Светлана Алексиевич. Время секонд хэнд
Опубликовано в журнале Знамя, номер 4, 2014
Новая книга Светланы Алексиевич внешне выглядит так же, как предыдущие: автор записывает рассказы людей об их жизни. Перефразируя Флобера, который называл себя «человек-перо», писательница говорит о себе, что она — «человек-ухо». Однако «Время секонд хэнд» — это не модный сегодня вербатим, где автор сознательно самоустраняется, давая возможность проявиться индивидуальному или коллективному бессознательному. Алексиевич заявляет о себе и как собеседник, наводящий вопросами на нужный разговор, и как автор, в чьем сознании эти разрозненные рассказы не просто превращаются в свидетельство о времени, но становятся исследованием характера, сознания и нашего современника, и человека вообще — так мощны и серьезны те нравственные, психологические, философско-религиозные пласты, которые открываются перед читателем. Казалось бы, люди просто рассказывают о том, что запомнили из детства, какими были праздники, как пережили войну или заключение, как влюблялись, на что надеялись и чем оказалась жизнь на самом деле, а складываются эпические картины, погрузившись в которые перестаешь задавать вопросы, почему у нас все так и может ли быть иначе.

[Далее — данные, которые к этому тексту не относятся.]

(* Let $w_1,w_2,v_1,v_2\in\Sigma^*$ such that $\mathsf{Facs}(w_1)\cap\mathsf{Facs}(w_2)=\mathsf{Facs}(v_1)\cap\mathsf{Facs}(v_2)$, and let $r=\max\{|u| : u\in\mathsf{Facs}(w_1)\cap\mathsf{Facs}(w_2)\}$. If $w_1\equiv_{k+r+2} v_1$ and $w_2\equiv_{k+r+2} v_2$ for some $k\in\mathbb{N}$ with $k\ge 1$, then $w_1\cdot w_2\equiv_k v_1\cdot v_2$.
   Context: $\Sigma$ is a fixed finite alphabet. For $w \in \Sigma^*$, $\mathsf{Facs}(w)$ is the set of all factors (contiguous subwords, including $\varepsilon$ and $w$) of $w$. The structure $\mathfrak{A}_w$ representing $w$ has universe $\mathsf{Facs}(w)\cup\{\perp\}$, a ternary relation $R_\circ=\{(x,y,z)\in\mathsf{Facs}(w)^3 : x=y\cdot z\}$, for each letter $\mathtt{a}\in\Sigma$ a constant interpreted as $\mathtt{a}$ if $\mathtt{a}$ occurs in $w$ and as $\perp$ otherwise, and a constant $\varepsilon$ interpreted as the empty word. The $k$-round Ehrenfeucht–Fraïssé game on $\mathfrak{A}_w,\mathfrak{A}_v$: in each round $i$, Spoiler picks one of the two structures and an element of its universe, Duplicator answers with an element of the other structure's universe; let $a_i$ (in $\mathfrak{A}_w$) and $b_i$ (in $\mathfrak{A}_v$) be the chosen elements. Duplicator wins if the tuples $(a_1,\dots,a_k,\vec c^{\,\mathfrak{A}_w})$ and $(b_1,\dots,b_k,\vec c^{\,\mathfrak{A}_v})$, where $\vec c$ lists the interpretations of all constants, form a partial isomorphism: for all indices $i,j,l$, $a_i$ equals the interpretation of a constant $c$ iff $b_i$ equals the interpretation of $c$; $a_i=a_j$ iff $b_i=b_j$; and $a_i=a_j\cdot a_l$ iff $b_i=b_j\cdot b_l$. We write $w\equiv_k v$ if Duplicator has a winning strategy in the $k$-round game. *)

From mathcomp Require Import all_boot.
Set Implicit Arguments. Unset Strict Implicit. Unset Printing Implicit Defensive.

Section FactorStructures.
Variable Sigma : finType.
Notation word := (seq Sigma).

(* Elements of the universe of A_w: [None] is bottom, [Some u] is a word. *)
Definition elt := option word.

Definition is_fac (w u : word) : bool := infix u w.

Definition in_univ (w : word) (x : elt) : bool :=
  if x is Some u then is_fac w u else true.

Definition Rcat (x y z : elt) : bool :=
  match x, y, z with
  | Some x, Some y, Some z => x == y ++ z
  | _, _, _ => false
  end.

Definition consts (w : word) : seq elt :=
  Some [::] :: [seq (if a \in w then Some [:: a] else None) | a <- enum Sigma].

Definition partial_iso (w v : word) (a b : seq elt) : Prop :=
  let A := a ++ consts w in
  let B := b ++ consts v in
  size a = size b /\
  (forall i c, i < size A -> c < size (consts w) ->
     (nth None A i == nth None (consts w) c) = (nth None B i == nth None (consts v) c)) /\
  (forall i j, i < size A -> j < size A ->
     (nth None A i == nth None A j) = (nth None B i == nth None B j)) /\
  (forall i j l, i < size A -> j < size A -> l < size A ->
     Rcat (nth None A i) (nth None A j) (nth None A l)
     = Rcat (nth None B i) (nth None B j) (nth None B l)).

Fixpoint dup_wins (w v : word) (k : nat) (a b : seq elt) : Prop :=
  match k with
  | 0 => partial_iso w v a b
  | k'.+1 =>
      (forall x, in_univ w x ->
         exists2 y, in_univ v y & dup_wins w v k' (rcons a x) (rcons b y)) /\
      (forall y, in_univ v y ->
         exists2 x, in_univ w x & dup_wins w v k' (rcons a x) (rcons b y))
  end.

Definition ef_equiv (k : nat) (w v : word) : Prop := dup_wins w v k [::] [::].

End FactorStructures.

From mathcomp Require Import all_boot.
Set Implicit Arguments. Unset Strict Implicit. Unset Printing Implicit Defensive.

(* Duplicator plays on w1 w2 by splitting every move into a part in w1 and a
   part in w2 and answering each part in its component game; the invariant
   [glued] records this (Composition).  Common factors are short, so with
   r+2 rounds left they are answered by themselves in both components, which
   makes the glued answers respect concatenation (glued_cat) and keeps the
   answers of one-sided moves one-sided (answer_forth). *)

Section Words.
Variable T : eqType.
Implicit Types (x y a b u v : seq T).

Эта книга обладает каким-то удивительным эффектом исчерпывания. После ее сюжетов кризис художественности становится не просто поводом для искусствоведческих дискуссий, а фактом. Эта жизнь «на самом деле, без романтических затей», услышанная Алексиевич, вроде бы та же, что проходит у каждого перед глазами, но в нашей повсе-дневности она лишена необходимой для обобщения степени сгущения. Писательница ткет такое плотное повествование, так умело и умно компонует рассказы, что эта самая повседневность приобретает характер эпичности. И, кажется, что эти рассказы так и войдут в большое время куском сверхтяжелого материала как свидетельство о нашей жизни и, хочется надеяться, как оправдание.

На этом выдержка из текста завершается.